This page has more details about the design of the Tap-Tempo Metronome. Other formats for the schematic, layout, and Kicad design files are available at the download page.
Firmware Design Explanations
The source code is thoroughly commented in-line, but a few of the concepts merit further explanation:
- Seven Segment Display Multiplexing
- Software-based Button Debounce
- Piezo Input and Output
- Pattern Detection
- External Connections
If there is any aspect of the hardware or firmware that you’d like to be explained in more detail, please let us know. Thanks!
Seven Segment Display Multiplexing – This technique is used to reduce the number of pins required to control the three displays. A seven segment display has one pin for each of the segments, and at least one pin that is in common. Our displays are common-anode, meaning that the anodes of all the LED segments are connected together. When an individual segment’s pin is connected to ground through a resistor, that segment lights up. We connect all of the common segment pins, A through G plus DP, together to the microcontroller. We then use a Bipolar-Junction Transistor (BTJ) to turn on and off each segment individually, using a control signal from the microcontroller. In this way, we can control each digit individually.

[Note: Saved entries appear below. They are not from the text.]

Lemma wedge_mono A B : mono C A /\\ mono C B =
  (if [disjoint A & B] then shuffle_sign C A B else 0) *f mono C (A :|: B).
Proof.
apply/ffunP => S; rewrite wedgeE scalefE monoE big_mkcond (bigD1 A) //= big1 ?addr0.
  rewrite !monoE eqxx mulr1; case: ifP => [sAS|nAS]; last first.
    case: ifP => _; rewrite ?mul0r //.
    have /negbTE -> : S != A :|: B by apply: (contraFneq _ nAS) => ->; rewrite subsetUl.
    by rewrite mulr0.
  have dA : [disjoint A & S :\: A] by rewrite -setI_eq0 setDE setICA setICr setI0.
  have AUS : A :|: (S :\: A) = S by rewrite setDE setUIr setUCr setIT; apply/setUidPr.
  case: (eqVneq (S :\: A) B) => [<-|nSAB]; first by rewrite dA AUS eqxx mulr1.
  rewrite mulr0; case: ifP => dAB; rewrite ?mul0r //.
  rewrite (_ : (S == A :|: B) = false) ?mulr0 //.
  apply/negbTE; apply: (contraNneq _ nSAB) => ->; apply/eqP.
  by rewrite setDUl setDv set0U; apply/setDidPl; rewrite disjoint_sym.
by move=> D nDA; rewrite monoE (negbTE nDA) mulr0 mul0r; case: ifP.
Qed.

Lemma wedge_mono_sorted A B :
  (forall a b, a \in A -> b \in B -> (a < b)%N) -> mono C A /\\ mono C B = mono C (A :|: B).
Proof.
move=> ltAB; have dAB : [disjoint A & B].
  rewrite -setI_eq0; apply/eqP/setP => a; rewrite !inE; apply/negbTE/andP => -[aA aB].
  by have := ltAB _ _ aA aB; rewrite ltnn.
rewrite wedge_mono dAB shuffle_signE.
have -> : inversions A B = set0.
  apply/setP => p; rewrite !inE; apply/negbTE/negP => /and3P[p1 p2 lt21].
  by move: (ltn_trans lt21 (ltAB _ _ p1 p2)); rewrite ltnn.
by rewrite cards0 expr0 scale1f.
Qed.

Lemma mono_neq0 S : mono C S != 0.
Proof. by apply/eqP => /ffunP/(_ S); rewrite !ffunE eqxx => /eqP; rewrite oner_eq0. Qed.

Lemma wedge_monoA A B D :
  (mono C A /\\ mono C B) /\\ mono C D = mono C A /\\ (mono C B /\\ mono C D).
Proof.
rewrite wedge_mono wedgeZl wedge_mono scalefA wedge_mono wedgeZr wedge_mono scalefA setUA.
congr (_ *f _); rewrite -!setI_eq0 setIUl setIUr !setU_eq0 !setI_eq0.
case dAB: [disjoint A & B]; case dAD: [disjoint A & D]; case dBD: [disjoint B & D];
  rewrite /= ?mul0r ?mulr0 //.
by rewrite shuffle_signUl // shuffle_signUr //; ring.
Qed.

Lemma wedgeA f g h : (f /\\ g) /\\ h = f /\\ (g /\\ h).
Proof.
have monoA2 A B : (mono C A /\\ mono C B) /\\ h = mono C A /\\ (mono C B /\\ h).
  rewrite [h]form_expand !wedge_sumr; apply: eq_bigr => D _.
  by rewrite !wedgeZr wedge_monoA.
have monoA1 A : (mono C A /\\ g) /\\ h = mono C A /\\ (g /\\ h).
  rewrite [g]form_expand wedge_sumr wedge_suml wedge_suml wedge_sumr.
  by apply: eq_bigr => B _; rewrite wedgeZr wedgeZl monoA2 wedgeZl wedgeZr.
rewrite [f]form_expand !wedge_suml; apply: eq_bigr => A _.
by rewrite !wedgeZl monoA1.
Qed.

Definition homogeneous (p : nat) f := forall S, #|S| != p -> f S = 0.

Lemma homogeneous_mono S : homogeneous #|S| (mono C S).
Proof. by move=> T nT; rewrite monoE; case: eqP => // eTS; rewrite eTS eqxx in nT. Qed.
Lemma homogeneousD p f g : homogeneous p f -> homogeneous p g -> homogeneous p (f + g).
Proof. by move=> hf hg S nS; rewrite ffunE hf // hg // addr0. Qed.
Lemma homogeneousN p f : homogeneous p f -> homogeneous p (- f).
Proof. by move=> hf S nS; rewrite ffunE hf // oppr0. Qed.
Lemma homogeneousZ p c f : homogeneous p f -> homogeneous p (c *f f).
Proof. by move=> hf S nS; rewrite scalefE hf // mulr0. Qed.
Lemma homogeneous_sum p I (r : seq I) (P : pred I) (F : I -> form C) :
  (forall i, P i -> homogeneous p (F i)) -> homogeneous p (\sum_(i <- r | P i) F i).
Proof.
move=> hF; elim/big_rec: _ => [S _|i f Pi hf]; first by rewrite ffunE.
exact: homogeneousD (hF i Pi) hf.
Qed.
Lemma homogeneous_wedge p q f g :
  homogeneous p f -> homogeneous q g -> homogeneous (p + q) (f /\\ g).
Proof.
move=> hf hg S nS; rewrite wedgeE big1 // => A sAS.
case: (eqVneq #|A| p) => [eA|nA]; last by rewrite hf // mulr0 mul0r.
case: (eqVneq #|S :\: A| q) => [eB|nB]; last by rewrite hg // mulr0.
by move: nS; rewrite -eA -eB cardsDS // subnKC ?subset_leq_card ?eqxx.
Qed.

Lemma wedge_monoC A B :
  mono C A /\\ mono C B = (-1) ^+ (#|A| * #|B|) *f (mono C B /\\ mono C A).
Proof.
rewrite !wedge_mono scalefA [[disjoint B & A]]disjoint_sym setUC; congr (_ *f _).
case: ifP => dAB; last by rewrite mulr0.
rewrite -(shuffle_sign_swap dAB) -mulrA [shuffle_sign C B A]shuffle_signE.
by rewrite -expr2 sqrr_sign mulr1.
Qed.

Lemma wedge_bilinear_expand f g : f /\\ g =
  \sum_(A : {set 'I_8}) \sum_(B : {set 'I_8}) (f A * g B) *f (mono C A /\\ mono C B).
Proof.
rewrite {1}[f]form_expand {1}[g]form_expand wedge_suml; apply: eq_bigr => A _.
rewrite wedgeZl wedge_sumr scalef_sumr; apply: eq_bigr => B _.
by rewrite wedgeZr scalefA.
Qed.

Lemma wedgeC p q f g : homogeneous p f -> homogeneous q g ->
  f /\\ g = (-1) ^+ (p * q) *f (g /\\ f).
Proof.
move=> hf hg; rewrite wedge_bilinear_expand [in RHS]wedge_bilinear_expand [in RHS]exchange_big.
rewrite scalef_sumr; apply: eq_bigr => A _; rewrite scalef_sumr; apply: eq_bigr => B _.
case: (eqVneq #|A| p) => [<-|nA]; last by rewrite hf // mul0r mulr0 !scale0f scalef0.
case: (eqVneq #|B| q) => [<-|nB]; last by rewrite hg // mul0r mulr0 !scale0f scalef0.
by rewrite wedge_monoC !scalefA; congr (_ *f _); ring.
Qed.

Lemma wedgeC2 f g : homogeneous 2 f -> homogeneous 2 g -> f /\\ g = g /\\ f.
Proof. by move=> hf hg; rewrite (wedgeC hf hg) -signr_odd /= expr0 scale1f. Qed.

Lemma wedge_anticomm u v : homogeneous 1 u -> homogeneous 1 v -> u /\\ v = - (v /\\ u).
Proof. by move=> hu hv; rewrite (wedgeC hu hv) expr1 scaleNf scale1f. Qed.

(* The one place where 2 != 0 in C is needed. *)
Lemma wedge_self u : homogeneous 1 u -> u /\\ u = 0.
Proof.
move=> hu; move: (u /\\ u) (wedge_anticomm hu hu) => w /ffunP E.
apply/ffunP => S; move: (E S); rewrite !ffunE => /eqP.
by rewrite -subr_eq0 opprK -mulr2n mulrn_eq0 => /eqP.
Qed.

Lemma wedge_swap_middle k l f g h1 h2 : homogeneous k g -> homogeneous l h1 ->
  (f /\\ g) /\\ (h1 /\\ h2) = (-1) ^+ (k * l) *f ((f /\\ h1) /\\ (g /\\ h2)).
Proof.
move=> hg hh; rewrite wedgeA -(wedgeA g) (wedgeC hg hh) wedgeZl wedgeZr.
by rewrite !wedgeA.
Qed.

End ExteriorAlgebra.

Section RepeatedFactors.
Variable C : numDomainType.
Implicit Types (f u v w : form C).

Lemma wedge_self_r f u : homogeneous 1 u -> (f /\\ u) /\\ u = 0.
Proof. by move=> hu; rewrite wedgeA wedge_self // wedge0r. Qed.

Lemma wedge_swap_r f u v : homogeneous 1 u -> homogeneous 1 v ->
  (f /\\ u) /\\ v = - ((f /\\ v) /\\ u).
Proof. by move=> hu hv; rewrite !wedgeA (wedge_anticomm hu hv) wedgeNr. Qed.

Lemma wedge_self_r2 f u v : homogeneous 1 u -> homogeneous 1 v ->
  ((f /\\ u) /\\ v) /\\ u = 0.
Proof. by move=> hu hv; rewrite (wedge_swap_r _ hv hu) wedge_self_r // wedge0l oppr0. Qed.

Lemma wedge_self_l u v : homogeneous 1 u -> homogeneous 1 v -> (u /\\ v) /\\ u = 0.
Proof. by move=> hu hv; rewrite (wedge_anticomm hu hv) wedgeNl wedge_self_r // oppr0. Qed.

Lemma wedge_self_l2 u v w : homogeneous 1 u -> homogeneous 1 v -> homogeneous 1 w ->
  ((u /\\ v) /\\ w) /\\ u = 0.
Proof. by move=> hu hv hw; rewrite (wedge_swap_r _ hw hu) wedge_self_l // wedge0l oppr0. Qed.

Just like how a movie projector showing a rapidly-changing sequence of still images appears to be smooth motion, “persistence of vision” can be exploited here with the LED seven segments. By turning the individual digits on and off rapidly, we can give the appearance that all three digits are active at the same time. This method of multiplexing also allows us to fine-tune the brightness of the LEDs, which lets us get away without current-limiting resistors on each LED segment. For more information about running an LED without a resistor, check out this great guide at the Tinkerlog website. Basically, we ensure that each digit is on for only a short period, to avoid burning it out.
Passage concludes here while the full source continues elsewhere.